You’ll find more notable quotes on the freedom of expression, a right U.S. citizens have held dear for more than 200 years, below:
“If all printers were determined not to print anything till they were sure it would offend nobody, there would be very little printed.”
— Benjamin Franklin, U.S. Founding Father
“But none of the means of information are more sacred, or have been cherished with more tenderness and care by the settlers of America, than the press.”
— John Adams, second U.S. president
“The liberty of the press is essential to the security of the state.”
— John Adams, second U.S. president
“If men are to be precluded from offering their sentiments on a matter, which may involve the most serious and alarming consequences that can invite the consideration of mankind, reason is of no use to us; the freedom of speech may be taken away, and dumb and silent we may be led, like sheep, to the slaughter.”
— George Washington, first U.S. president
“Our liberty depends on the freedom of the press, and that cannot be limited without being lost.”
— Thomas Jefferson, U.S. Founding Father
“Congress shall make no law respecting an establishment of religion, or prohibiting the free exercise thereof; or abridging the freedom of speech, or of the press; or the right of the people peaceably to assemble, and to petition the government for a redress of grievances.”
— U.S. Constitution
“Were it left to me to decide whether we should have a government without newspapers, or newspapers without a government, I should not hesitate a moment to prefer the latter.”

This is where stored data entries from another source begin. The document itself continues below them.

(* Suppose (i) the initial sketch $P$ provided by the user satisfies $P\xRightarrow{*}\bar{P}^*$, and (ii) the user responses are $\mathcal{O}(Q)=\mathbb{I}[Q\xRightarrow{*}\bar{P}^*]$. Then, if the interactive synthesis algorithm terminates, it returns $\bar{P}^*$.
   Context: Setting: a DSL of database queries given by a context-free grammar with select, project and inner-join operations; holes are either tables in a sequence of inner-joins (nonterminal $I$) or columns (nonterminal $C$). A sketch is a sequence derivable from the start symbol; $\alpha\xRightarrow{*}\alpha'$ means $\alpha'$ is derivable from $\alpha$ (i.e., $\alpha'$ is a refinement of $\alpha$); a completion is a refinement with no holes. $\bar{P}^*$ denotes the true (user-intended) complete program. The interactive synthesis algorithm keeps a current sketch $P$ (initialized to the user's sketch) and a set $\mathcal{N}$ of rejected questions; while $P$ has holes, it forms candidate questions (refinements of $P$ obtained by filling one hole, and all holes sharing its name, with either a column $c_i$, a table $t_i$, or $t_i\Join_{C,C}I$), removes those in $\mathcal{N}$, picks one question $\hat Q$ (via sampled completions), asks the user oracle $\mathcal{O}(\hat Q)\in\{\mathsf{true},\mathsf{false}\}$, and sets $P\gets\hat Q$ if true, else adds $\hat Q$ to $\mathcal{N}$. It returns $P$ once $P$ is complete. $\mathbb{I}$ is the indicator function. *)

From Stdlib Require Import Relation_Operators List.
From mathcomp Require Import all_boot.
Set Implicit Arguments.
Unset Strict Implicit.
Unset Printing Implicit Defensive.

(* Symbols of a sketch: terminals, or named holes (nonterminal + name). *)
Inductive sym (Tm NT : Type) : Type :=
| Term of Tm
| Hole of NT & nat.
Arguments Term {Tm NT}.
Arguments Hole {Tm NT}.

Inductive gsym (Tm NT : Type) : Type :=
| GT of Tm
| GN of NT.
Arguments GT {Tm NT}.
Arguments GN {Tm NT}.

Definition sketch (Tm NT : Type) := seq (sym Tm NT).

Section Model.
Variables (Tm : Type) (NT : eqType).
Variable production : NT -> seq (gsym Tm NT) -> Prop.

Inductive instance : seq (gsym Tm NT) -> sketch Tm NT -> Prop :=
| inst_nil : instance [::] [::]
| inst_T t r s : instance r s -> instance (GT t :: r) (Term t :: s)
| inst_N n h r s : instance r s -> instance (GN n :: r) (Hole n h :: s).

Definition derive_step (a b : sketch Tm NT) : Prop :=
  exists (l r : sketch Tm NT) (N : NT) (h : nat) rhs (s : sketch Tm NT),
    [/\ production N rhs, instance rhs s,
        a = l ++ Hole N h :: r & b = l ++ s ++ r].

Definition derives : sketch Tm NT -> sketch Tm NT -> Prop :=
  @clos_refl_trans (sketch Tm NT) derive_step.

Definition has_hole (P : sketch Tm NT) : Prop :=
  exists N h, Stdlib.Lists.List.In (Hole N h) P.

Definition complete (P : sketch Tm NT) : Prop := ~ has_hole P.

Definition is_hole (N : NT) (h : nat) (x : sym Tm NT) : bool :=
  match x with Hole N' h' => (N' == N) && (h' == h) | Term _ => false end.

Definition fill (N : NT) (h : nat) (s : sketch Tm NT) (P : sketch Tm NT) :=
  flatten (map (fun x => if is_hole N h x then s else [:: x]) P).

(* candidate questions: fill one hole (and all holes sharing its name)
   using one production of its nonterminal *)
Definition candidate (P Q : sketch Tm NT) : Prop :=
  exists N h rhs s,
    [/\ Stdlib.Lists.List.In (Hole N h) P, production N rhs, instance rhs s &
        Q = fill N h s P].

(* one iteration of the while loop on the state (P, rejected set);
   the choice of the question among candidates not yet rejected is left
   arbitrary (it models the sampling-based selection). *)
Inductive alg_step (O : sketch Tm NT -> bool) :
  sketch Tm NT * seq (sketch Tm NT) -> sketch Tm NT * seq (sketch Tm NT) -> Prop :=
| step_accept P Nr Q :
    has_hole P -> candidate P Q -> ~ Stdlib.Lists.List.In Q Nr -> O Q = true ->
    alg_step O (P, Nr) (Q, Nr)
| step_reject P Nr Q :
    has_hole P -> candidate P Q -> ~ Stdlib.Lists.List.In Q Nr -> O Q = false ->
    alg_step O (P, Nr) (P, Q :: Nr).

Definition alg_returns (O : sketch Tm NT -> bool) (P Pf : sketch Tm NT) : Prop :=
  exists Nf, clos_refl_trans _ (alg_step O) (P, [::]) (Pf, Nf) /\ complete Pf.

End Model.

From Stdlib Require Import Relation_Operators Operators_Properties List.
From mathcomp Require Import all_boot.

Set Implicit Arguments.
Unset Strict Implicit.
Unset Printing Implicit Defensive.

(* The current sketch of the algorithm always refines to the intended program:
   initially by assumption, and afterwards because a question is adopted only
   when the oracle accepts it, i.e. only when it refines to the intended
   program. A complete sketch has no hole left to rewrite, so the only sketch
   it refines to is itself; hence the returned complete sketch is the intended
   program. *)

Section Refinement.

Variables (Tm : Type) (NT : eqType).
Variable production : NT -> seq (gsym Tm NT) -> Prop.

Lemma derives_complete_eq (a b : sketch Tm NT) :
  complete a -> derives production a b -> a = b.
Proof.
move=> a_complete /(clos_rt_rt1n _ _ _ _)[//|a' c step _]; case: a_complete.
have [l [r [N [h [rhs [s [_ _ -> _]]]]]]] := step.
by exists N, h; apply/in_or_app; right; left.
Qed.

Variables (Pstar : sketch Tm NT) (O : sketch Tm NT -> bool).
Hypothesis O_sound : forall Q, O Q = true -> derives production Q Pstar.

Lemma alg_step_derives st st' :
  alg_step production O st st' ->
  derives production st.1 Pstar -> derives production st'.1 Pstar.
Proof. by case=> //= P Nr Q _ _ _ /O_sound. Qed.

Lemma alg_steps_derive st st' :
  clos_refl_trans _ (alg_step production O) st st' ->
  derives production st.1 Pstar -> derives production st'.1 Pstar.
Proof.
by elim=> [x y /alg_step_derives | // | x y z _ IHxy _ IHyz /IHxy /IHyz].
Qed.

End Refinement.

Theorem theorem1 (Tm : Type) (NT : eqType)
  (production : NT -> seq (gsym Tm NT) -> Prop) (S : NT) (h0 : nat)
  (P Pstar : sketch Tm NT) (O : sketch Tm NT -> bool) :
  derives production [:: Hole S h0] P ->
  complete Pstar ->
  derives production P Pstar ->
  (forall Q, O Q = true <-> derives production Q Pstar) ->
  forall Pf, alg_returns production O P Pf -> Pf = Pstar.
Proof.
move=> _ _ P_Pstar O_spec Pf [Nf [run Pf_complete]].
have O_sound Q : O Q = true -> derives production Q Pstar by move/O_spec.
have Pf_Pstar := alg_steps_derive O_sound run P_Pstar.
exact: derives_complete_eq Pf_complete Pf_Pstar.
Qed.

— Thomas Jefferson, U.S. Founding Father
“Freedom of speech is a principal pillar of a free government: When this support is taken away, the constitution of a free society is dissolved, and tyranny is erected on its ruins. Republics and limited monarchies derive their strength and vigor from a popular examination into the action of the magistrates.”
— Benjamin Franklin, U.S. Founding Father
“It is the function of speech to free men from the bondage of irrational fears.”
— Louis D. Brandeis, U.S. Supreme Court justice
“We are so concerned to flatter the majority that we lose sight of how very often it is necessary, in order to preserve freedom for the minority, let alone for the individual, to face that majority down.”
— William F. Buckley Jr., founder of National Review magazine
“Of that freedom [of thought and speech] one may say that it is the matrix, the indispensible condition, of nearly every other form of freedom.”
— Benjamin N. Cardozo, U.S. Supreme Court justice
“If there is any principle of the Constitution that more imperatively calls for attachment than any other it is the principle of free thought — not free thought for those who agree with us but freedom for the thought that we hate.”
— Oliver Wendell Holmes Jr., U.S. Supreme Court justice
“Freedom of conscience, of education, or speech, of assembly are among the very fundamentals of democracy and all of them would be nullified should freedom of the press ever be successfully challenged.”